California Gov. Gavin Newsom signed two bills Wednesday that ban 24 toxic chemicals from use in cosmetics and require beauty and personal care companies to disclose harmful ingredients in their products.
AB 2762 will go into effect in 2025, making California the first state in the country to mandate the removal of these substances from any household products, according to a press release from Newsom’s office. The bill is intended to follow regulations set by the European Union, or EU, which has already banned these chemicals.
SB 312, by Sen. Connie Leyva, D-Chino, will require the corporate disclosure of potential toxins in personal care products and go into effect in 2022.
“Those chemicals do not belong in products that we’re rubbing into our skin, putting on our faces, washing into our scalp every day,” said Emily Rusch, executive director of CalPIRG.
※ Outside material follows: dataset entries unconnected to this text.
Theorem theorem3 (hs : nat -> R) (hpos : forall n, 0 < hs n)
  (a b d : R) (ha : 0 < a) (hab : a < b) (hd : 0 < d) :
  lambda_coef hs a b d 0 = 0 /\
  (forall m : nat, (1 <= m)%nat -> lambda_coef hs a b d m < 0) /\
  (forall x : R, 0 < x ->
     (forall c : R, 0 < c -> ex_series (fun n => hcoef hs c n * x ^ n)) ->
     forall (c1 c2 t : R), 0 < c1 -> c1 < c2 -> 0 < t < 1 ->
       ln (hval hs (t * c1 + (1 - t) * c2) x)
         < t * ln (hval hs c1 x) + (1 - t) * ln (hval hs c2 x)).
Proof.
  split; [|split].
  - apply lambda_coef_0.
  - intros m Hm; apply lambda_coef_lt0; assumption.
  - intros x Hx Hex c1 c2 t Hc1 Hc12 Ht.
    assert (Hc : 0 < t * c1 + (1 - t) * c2) by nra.
    apply (Series_ln_convex _ _ _ t 1);
      try (intros n; apply hcoef_term_pos; assumption || lra); try (apply Hex; lra).
    + exact Ht.
    + intros n; apply hcoef_term_ln_convex; assumption || lra.
    + apply hcoef_term1_ln_convex_strict; assumption || lra.
Qed.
CalPIRG was one of AB 2762’s four sponsors, along with the Environmental Working Group, Breast Cancer Prevention Partners and Black Women for Wellness, according to Rusch.
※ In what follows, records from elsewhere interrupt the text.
(* Let $r \geq 2$, let $\mathcal{F}$ be a collection of $r$-uniform hypergraphs, let $0<p<1$, let $\epsilon>0$, and let $c = c(p,\mathcal{F})$. Then there exist $\eta, \gamma, \lambda > 0$, an integer $m$ and $n_0$ (depending only on $\mathcal{F}, p, \epsilon$) such that the following holds. Let $V$ be a vertex set of size $n > n_0$ and let $\mathcal{A}$ be a collection of $r$-uniform hypergraphs on $V$ with $\mu_n(\mathcal{A}) > 2^{(-c+\epsilon)\binom{n}{r}}$. Let $\mathcal{D} = \{D_1,\ldots,D_d\}$ be a partial Steiner system with parameters $(r,m,n)$ on $V$ with $d \geq (1-\lambda)\binom{n}{r}\binom{m}{r}^{-1}$. Let \[ I = \{ i \in [d] : \mu_n(\{G \in \mathcal{A} : \mathcal{F} < G[D_i]\}) \geq \gamma\, \mu_n(\mathcal{A})\}. \] Then $|I| \geq \eta d$.
   Context: $G(k,p)$ denotes the random $r$-uniform hypergraph on $k$ labelled vertices in which each $r$-subset is an edge independently with probability $p$; for a collection $\mathcal{C}$ of $r$-uniform hypergraphs on a common $k$-vertex set, $\mu_k(\mathcal{C}) = \Pr[G(k,p) \in \mathcal{C}]$. The constant $c(p,\mathcal{F})$ is defined by $\Pr[G(n,p)$ has no induced subgraph isomorphic to a member of $\mathcal{F}] = 2^{(-c+o(1))\binom{n}{r}}$ as $n\to\infty$ (this limit exists). For a hypergraph $G$ and vertex subset $D$, $G[D]$ is the induced subhypergraph on $D$, and $\mathcal{F} < H$ means $H$ contains an induced subgraph isomorphic to a member of $\mathcal{F}$. A partial Steiner system with parameters $(r,m,n)$ on an $n$-set $V$ is a collection $\mathcal{D}$ of $m$-element subsets of $V$ such that every $r$-element subset of $V$ is contained in at most one member of $\mathcal{D}$. *)

From HB Require Import structures.
From mathcomp Require Import all_boot all_order all_algebra.
From mathcomp Require Import boolp classical_sets reals exp.
Set Implicit Arguments. Unset Strict Implicit. Unset Printing Implicit Defensive.
Import Order.TTheory GRing.Theory Num.Theory.
Local Open Scope ring_scope.

Definition hypergraph (T : finType) := {set {set T}}.

Definition uniform (r : nat) (T : finType) (G : hypergraph T) : bool :=
  [forall e in G, #|e| == r].

(* A family F of r-uniform hypergraphs, each member given (up to
   isomorphism) on a labelled vertex set 'I_k. *)
Definition hfamily := forall k : nat, hypergraph 'I_k -> Prop.

(* F < H : H contains an induced subhypergraph isomorphic to a member of F.
   An injection f : 'I_k -> T gives an isomorphism between the pulled-back
   hypergraph on 'I_k and the induced subhypergraph H[f('I_k)]. *)
Definition contains (F : hfamily) (T : finType) (H : hypergraph T) : Prop :=
  exists (k : nat) (f : 'I_k -> T), injective f /\
    F k [set e : {set 'I_k} | (f @: e) \in H].

Definition induced (T : finType) (G : hypergraph T) (D : {set T}) :
  hypergraph {x : T | x \in D} :=
  [set e : {set {x : T | x \in D}} | ((fun x => val x) @: e) \in G].

(* mu(C) = Pr[G(T,p) \in C] for the random r-uniform hypergraph on T,
   each r-subset being an edge independently with probability p. *)
Definition mu (R : realType) (r : nat) (p : R) (T : finType)
  (C : pred (hypergraph T)) : R :=
  \sum_(G : hypergraph T | uniform r G && C G)
     p ^+ #|G| * (1 - p) ^+ ('C(#|T|, r) - #|G|).

Definition free_prob (R : realType) (r : nat) (p : R) (F : hfamily) (k : nat) : R :=
  mu r p (fun G : hypergraph 'I_k => ~~ `[< contains F G >]).

(* c = c(p,F): Pr[G(n,p) F-free] = 2^{(-c+o(1)) C(n,r)}. *)
Definition is_c (R : realType) (r : nat) (p : R) (F : hfamily) (c : R) : Prop :=
  forall delta : R, 0 < delta -> exists N : nat, forall n : nat, (N <= n)%N ->
    powR 2 ((- c - delta) * ('C(n, r))%:R) <= free_prob r p F n /\
    free_prob r p F n <= powR 2 ((- c + delta) * ('C(n, r))%:R).

Definition partial_steiner (T : finType) (r m d : nat) (D : 'I_d -> {set T}) : Prop :=
  injective D /\ (forall i, #|D i| = m) /\
  (forall S : {set T}, #|S| = r -> #|[set i | S \subset D i]| <= 1)%N.

From HB Require Import structures.
From mathcomp Require Import all_boot all_order all_algebra.
From mathcomp Require Import boolp classical_sets reals exp.
(* fintype and finset again, so that their lemma names shadow those of classical_sets. *)
From mathcomp Require Import fintype finset zify ring lra.
Import Order.TTheory GRing.Theory Num.Theory.
Local Open Scope ring_scope.
Set Implicit Arguments. Unset Strict Implicit. Unset Printing Implicit Defensive.

(* Suppose fewer than th d / 4 of the blocks D_i are good, and let Y(G) count the
   blocks with F < G[D_i]. Then Y has small mean on A, so by Markov's inequality
   at least half of mu(A) comes from graphs in A with Y <= th d. The blocks of a
   partial Steiner system span disjoint sets of r-sets, so the events F < G[D_i]
   are independent and each fails with probability free_prob m <= 2^a, where
   a = (-c + eps/8) C(m,r). An exponential-moment (Chernoff) bound then gives
   mu(A) <= 2^(d + 1 + a (1 - th) d), and since d C(m,r) >= (1 - th) C(n,r) this
   is at most 2^((-c + eps) C(n,r)), contradicting the assumption on mu(A). *)

Section RandomSubset.
Variables (R : realType) (p : R) (X : finType).

Definition rand_weight (U S : {set X}) : R :=
  \prod_(x in U) (if x \in S then p else 1 - p).

(* Expectation of h over the random subset of U containing each element
   independently with probability p. *)
Definition rand_expect (U : {set X}) (h : {set X} -> R) : R :=
  \sum_(S : {set X} | S \subset U) rand_weight U S * h S.

Lemma eq_rand_expect (U : {set X}) (f g : {set X} -> R) :
  (forall S : {set X}, S \subset U -> f S = g S) -> rand_expect U f = rand_expect U g.
Proof. by move=> fg; apply: eq_bigr => S /fg ->. Qed.

Lemma rand_weightI (U S : {set X}) : rand_weight U S = rand_weight U (S :&: U).
Proof. by apply: eq_bigr => x xU; rewrite !inE xU andbT. Qed.

Lemma rand_weightU (U1 U2 S : {set X}) : [disjoint U1 & U2] ->
  rand_weight (U1 :|: U2) S = rand_weight U1 S * rand_weight U2 S.
Proof. by move=> dU; rewrite /rand_weight -bigU //; apply: eq_bigl => x; rewrite !inE. Qed.

Lemma setUD_subset (B U : {set X}) : B \subset U -> U = B :|: (U :\: B).
Proof. by move=> sBU; rewrite -{1}(setID U B) (setIidPr sBU). Qed.

Lemma disjoint_setD (B U : {set X}) : [disjoint B & U :\: B].
Proof. by rewrite disjoint_sym disjoints_subset subsetDr. Qed.

Lemma rand_expect_split (U1 U2 : {set X}) (f g : {set X} -> R) :
  [disjoint U1 & U2] ->
  rand_expect (U1 :|: U2) (fun S => f (S :&: U1) * g (S :&: U2)) =
  rand_expect U1 f * rand_expect U2 g.
Proof.
move=> dU; rewrite /rand_expect mulr_suml.
under [RHS]eq_bigr do rewrite mulr_sumr.
rewrite pair_big /= (reindex_onto (fun q : {set X} * {set X} => q.1 :|: q.2)
                        (fun S => (S :&: U1, S :&: U2))) /=; last first.
  by move=> S sS; rewrite -setIUr; apply/setIidPl.
have notboth x : x \in U1 -> x \in U2 -> False.
  by move=> x1 x2; move/disjoint_setI0/setP: dU => /(_ x); rewrite !inE x1 x2.
apply: eq_big => [[A B]|[A B]] /=; last first.
  case/andP=> _ /eqP [eA eB].
  rewrite rand_weightU // rand_weightI eA [rand_weight U2 _]rand_weightI eB.
  by rewrite mulrACA.
apply/idP/idP => [/andP [_ /eqP [<- <-]]|/andP [sA sB]]; first by rewrite !subsetIr.
rewrite setUSS //=.
apply/eqP; congr (_, _); apply/setP => x; rewrite !inE.
  case xA: (x \in A); first by rewrite (subsetP sA).
  by case xB: (x \in B) => //=; apply/negP => /notboth; apply; apply: (subsetP sB).
case xB: (x \in B); first by rewrite orbT (subsetP sB).
by case xA: (x \in A) => //=; apply/negP => x2; apply: notboth x2; apply: (subsetP sA).
Qed.

Lemma rand_expect1 (U : {set X}) : rand_expect U (fun => 1) = 1.
Proof.
elim: {U}_.+1 {-2}U (ltnSn #|U|) => // n IHn U.
have [->|[x xU]] := set_0Vmem U => [_|cU].
  rewrite /rand_expect (big_pred1 set0) => [|S]; last by rewrite subset0.
  by rewrite /rand_weight big_set0 mulr1.
have IHx : rand_expect (U :\ x) (fun => 1) = 1.
  by apply: IHn; move: cU; rewrite (cardsD1 x U) xU.
have Ex1 : rand_expect [set x] (fun => 1) = 1.
  rewrite /rand_expect (eq_bigl (fun S => S \in [set set0; [set x]])); last first.
    by move=> S; rewrite -powerset1 powersetE.
  rewrite big_setU1 ?big_set1 /= ?inE; last first.
    by apply/eqP => /setP /(_ x); rewrite !inE eqxx.
  by rewrite /rand_weight !big_set1 !inE eqxx !mulr1 subrK.
have dx : [disjoint [set x] & U :\ x] by rewrite disjoint_setD.
transitivity (rand_expect [set x] (fun => 1) * rand_expect (U :\ x) (fun => 1)).
  rewrite -rand_expect_split // setD1K //.
  by apply: eq_rand_expect => S _; rewrite mulr1.
by rewrite Ex1 IHx mulr1.
Qed.

Lemma rand_expect_restrict (U B : {set X}) (h : {set X} -> R) :
  B \subset U -> rand_expect U (fun S => h (S :&: B)) = rand_expect B h.
Proof.
move=> sBU; rewrite [in LHS](setUD_subset sBU).
rewrite -[RHS]mulr1 -(rand_expect1 (U :\: B)) -rand_expect_split ?disjoint_setD //.
by apply: eq_rand_expect => S _; rewrite mulr1.
Qed.

Lemma rand_expect_prod (I : eqType) (s : seq I) (B : I -> {set X})
    (h : I -> {set X} -> R) (U : {set X}) :
  uniq s -> (forall i, i \in s -> B i \subset U) ->
  {in s &, forall i j, i != j -> [disjoint B i & B j]} ->
  rand_expect U (fun S => \prod_(i <- s) h i (S :&: B i)) =
  \prod_(i <- s) rand_expect (B i) (h i).
Proof.
elim: s U => [|i0 s IHs] U /=.
  move=> _ _ _; rewrite big_nil -[RHS](rand_expect1 U).
  by apply: eq_rand_expect => S _; rewrite big_nil.
case/andP=> i0s us sBU dB; rewrite big_cons.
set U' := U :\: B i0.
have sBU' i : i \in s -> B i \subset U'.
  move=> is_; rewrite subsetD sBU ?inE ?is_ ?orbT //= disjoint_sym dB ?inE ?eqxx ?is_ ?orbT //.
  by apply: contraNneq i0s => ->.
rewrite -(IHs U') // => [|i j is_ js]; last by apply: dB; rewrite inE ?is_ ?js orbT.
rewrite -rand_expect_split ?disjoint_setD // -(setUD_subset (sBU i0 (mem_head _ _))).
apply: eq_rand_expect => S _; rewrite big_cons; congr (_ * _).
apply: eq_big_seq => i is_; congr (h i _).
by rewrite -setIA (setIidPr (sBU' i is_)).
Qed.

Lemma rand_expectD (U : {set X}) (f g : {set X} -> R) :
  rand_expect U (fun S => f S + g S) = rand_expect U f + rand_expect U g.
Proof. by rewrite /rand_expect -big_split; apply: eq_bigr => S _; rewrite mulrDr. Qed.

Lemma rand_expectZ (U : {set X}) (a : R) (f : {set X} -> R) :
  rand_expect U (fun S => a * f S) = a * rand_expect U f.
Proof. by rewrite /rand_expect mulr_sumr; apply: eq_bigr => S _; rewrite mulrCA. Qed.

Lemma rand_expect_sum (I : finType) (U : {set X}) (f : I -> {set X} -> R) :
  rand_expect U (fun S => \sum_i f i S) = \sum_i rand_expect U (f i).
Proof. by rewrite /rand_expect exchange_big; apply: eq_bigr => S _; rewrite mulr_sumr. Qed.

Hypotheses (p_ge0 : 0 <= p) (p_le1 : p <= 1).

Lemma rand_weight_ge0 (U S : {set X}) : 0 <= rand_weight U S.
Proof. by apply: prodr_ge0 => x _; case: ifP; rewrite ?subr_ge0. Qed.

Lemma ler_rand_expect (U : {set X}) (f g : {set X} -> R) :
  (forall S : {set X}, S \subset U -> f S <= g S) ->
  rand_expect U f <= rand_expect U g.
Proof. by move=> fg; apply: ler_sum => S /fg; apply: ler_wpM2l; apply: rand_weight_ge0. Qed.

Lemma rand_expect_ge0 (U : {set X}) (f : {set X} -> R) :
  (forall S : {set X}, S \subset U -> 0 <= f S) -> 0 <= rand_expect U f.
Proof.
by move=> f0; rewrite -(mul0r (rand_expect U f)) -rand_expectZ; apply: ler_rand_expect => S /f0; rewrite mul0r.
Qed.

Lemma rand_expect_markov (U : {set X}) (f Y : {set X} -> R) (t : R) : 0 < t ->
  (forall S : {set X}, S \subset U -> 0 <= f S) ->
  (forall S : {set X}, S \subset U -> 0 <= Y S) ->
  2 * rand_expect U (fun S => f S * Y S) <= t * rand_expect U f ->
  rand_expect U f <= 2 * rand_expect U (fun S => f S * (Y S <= t)%R%:R).
Proof.
move=> t_gt0 f0 Y0 hfY.
have Ef : rand_expect U f = rand_expect U (fun S => f S * (t < Y S)%R%:R) +
                           rand_expect U (fun S => f S * (Y S <= t)%R%:R).
  rewrite -rand_expectD; apply: eq_rand_expect => S _.
  by rewrite -mulrDr; case: ltP; rewrite ?addr0 ?add0r mulr1.
have markov : t * rand_expect U (fun S => f S * (t < Y S)%R%:R) <=
              rand_expect U (fun S => f S * Y S).
  rewrite -rand_expectZ; apply: ler_rand_expect => S sS; rewrite mulrCA.
  by apply: ler_wpM2l; [exact: f0|case: ltP; rewrite ?mulr1 ?mulr0 ?Y0 // => /ltW].
rewrite -(ler_pM2l t_gt0); rewrite Ef in hfY *; nra.
Qed.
AB 2762 was introduced by Assemblymembers Buffy Wicks, D-Oakland, Al Muratsuchi, D-Torrance, and Bill Quirk, D-Hayward, with Assemblymember Richard Bloom, D-Santa Monica, as a co-author, as stated in the bill’s text.
“Every day, Californians are exposed to hazardous chemicals hiding in their cosmetics and personal care products,” Newsom said in the press release. “Children, communities of color and pregnant women are especially vulnerable to these ingredients, which are not actively regulated by the federal government.”
The 24 toxins are well-known carcinogens and endocrine disruptors, many of which are found on California’s Proposition 65 list, Rusch said. The directory, created in 1986, requires the state to maintain and update a list of chemicals known to cause cancer or reproductive toxicity, according to the California Office of Environmental Health Hazard Assessment.
In addition to potentially harming product users, the toxins can negatively impact the environment as they are washed into the watershed, according to Karl Palmer, acting deputy director of the California Department of Toxic Substance Control’s Safer Consumer Products program.
“The concern is that people use so many different personal care products that they put on their bodies every day,” Palmer said. “The things you put on your body then go in the shower and then get washed down the drain, and then it gets into the aquatic environment, come back to us in drinking water and get into groundwater.”
However, attention must be paid to the chemicals that replace the newly banned ones, Palmer said. Although the EU has already moved away from using these chemicals, oversight is required to ensure that new products are safe.
Palmer imagines a scenario where companies hoping to make a rug that stays clean do not resort to using chemicals. Instead, he hopes designers, chemists, toxicologists and engineers focus on the physical structure of the rug.
“What we hope is that we aren’t always in this mode of just evaluating and banning … but really promoting the marketplace and where institutions like UC Berkeley, for example, can promote green chemistry concepts,” Palmer said.